TASK INSTRUCTIONS - Would you write out, word for word, each line of the records below from the top through the one holding "Lemma const_in_Sigma p"?

[Extracted records]
>>>>

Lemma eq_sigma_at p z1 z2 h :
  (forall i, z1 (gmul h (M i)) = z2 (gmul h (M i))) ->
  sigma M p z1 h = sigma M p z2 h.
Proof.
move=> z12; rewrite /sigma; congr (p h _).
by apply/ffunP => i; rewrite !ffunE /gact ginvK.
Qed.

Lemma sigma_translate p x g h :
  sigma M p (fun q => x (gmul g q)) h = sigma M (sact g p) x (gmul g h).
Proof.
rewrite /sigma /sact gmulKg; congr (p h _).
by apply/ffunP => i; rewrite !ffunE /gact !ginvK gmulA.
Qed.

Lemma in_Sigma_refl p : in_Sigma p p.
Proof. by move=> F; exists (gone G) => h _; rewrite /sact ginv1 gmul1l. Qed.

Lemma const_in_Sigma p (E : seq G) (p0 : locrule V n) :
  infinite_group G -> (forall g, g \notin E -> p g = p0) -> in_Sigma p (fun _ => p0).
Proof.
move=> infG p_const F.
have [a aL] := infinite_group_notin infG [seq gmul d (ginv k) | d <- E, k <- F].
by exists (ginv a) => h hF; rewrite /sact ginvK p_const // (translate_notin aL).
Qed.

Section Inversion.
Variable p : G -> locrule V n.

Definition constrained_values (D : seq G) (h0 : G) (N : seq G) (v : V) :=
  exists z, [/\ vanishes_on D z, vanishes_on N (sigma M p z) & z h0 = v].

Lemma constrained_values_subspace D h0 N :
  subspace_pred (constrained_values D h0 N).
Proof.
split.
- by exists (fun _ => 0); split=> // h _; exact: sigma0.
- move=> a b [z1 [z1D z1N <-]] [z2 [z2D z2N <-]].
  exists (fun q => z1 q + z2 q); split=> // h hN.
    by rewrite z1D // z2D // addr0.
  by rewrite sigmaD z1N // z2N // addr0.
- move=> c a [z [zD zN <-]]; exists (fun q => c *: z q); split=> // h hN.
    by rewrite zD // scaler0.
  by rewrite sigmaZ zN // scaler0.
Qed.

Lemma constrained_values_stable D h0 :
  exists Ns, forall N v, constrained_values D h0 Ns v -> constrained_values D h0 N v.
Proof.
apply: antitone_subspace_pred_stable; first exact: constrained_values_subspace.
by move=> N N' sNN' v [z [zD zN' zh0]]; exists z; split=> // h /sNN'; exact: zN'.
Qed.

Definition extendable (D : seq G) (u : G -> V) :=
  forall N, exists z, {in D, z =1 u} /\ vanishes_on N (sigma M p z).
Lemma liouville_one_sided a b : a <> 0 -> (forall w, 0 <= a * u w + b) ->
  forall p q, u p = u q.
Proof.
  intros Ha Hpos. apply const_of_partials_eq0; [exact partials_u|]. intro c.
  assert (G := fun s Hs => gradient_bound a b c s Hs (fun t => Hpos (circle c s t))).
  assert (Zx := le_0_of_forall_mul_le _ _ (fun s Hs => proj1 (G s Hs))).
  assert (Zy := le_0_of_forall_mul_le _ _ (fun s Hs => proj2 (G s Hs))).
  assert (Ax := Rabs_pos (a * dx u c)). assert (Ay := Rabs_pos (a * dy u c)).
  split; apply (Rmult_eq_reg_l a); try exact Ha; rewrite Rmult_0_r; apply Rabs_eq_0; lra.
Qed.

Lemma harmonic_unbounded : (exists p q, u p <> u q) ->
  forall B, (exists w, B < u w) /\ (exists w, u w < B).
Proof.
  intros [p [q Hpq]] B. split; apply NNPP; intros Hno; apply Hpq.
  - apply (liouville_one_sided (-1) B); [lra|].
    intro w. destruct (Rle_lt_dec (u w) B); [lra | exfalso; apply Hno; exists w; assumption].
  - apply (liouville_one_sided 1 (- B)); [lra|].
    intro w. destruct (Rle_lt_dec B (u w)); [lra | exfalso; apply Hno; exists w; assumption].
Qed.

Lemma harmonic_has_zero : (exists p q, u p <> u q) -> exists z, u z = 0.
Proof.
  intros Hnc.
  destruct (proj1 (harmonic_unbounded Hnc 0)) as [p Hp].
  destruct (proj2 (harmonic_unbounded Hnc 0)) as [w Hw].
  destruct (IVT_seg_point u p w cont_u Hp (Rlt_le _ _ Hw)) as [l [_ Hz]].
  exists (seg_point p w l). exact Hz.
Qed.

<<<<

SOLUTION TO THE EXERCISE -
Lemma eq_sigma_at p z1 z2 h :
  (forall i, z1 (gmul h (M i)) = z2 (gmul h (M i))) ->
  sigma M p z1 h = sigma M p z2 h.
Proof.
move=> z12; rewrite /sigma; congr (p h _).
by apply/ffunP => i; rewrite !ffunE /gact ginvK.
Qed.

Lemma sigma_translate p x g h :
  sigma M p (fun q => x (gmul g q)) h = sigma M (sact g p) x (gmul g h).
Proof.
rewrite /sigma /sact gmulKg; congr (p h _).
by apply/ffunP => i; rewrite !ffunE /gact !ginvK gmulA.
Qed.

Lemma in_Sigma_refl p : in_Sigma p p.
Proof. by move=> F; exists (gone G) => h _; rewrite /sact ginv1 gmul1l. Qed.

Lemma const_in_Sigma p (E : seq G) (p0 : locrule V n) :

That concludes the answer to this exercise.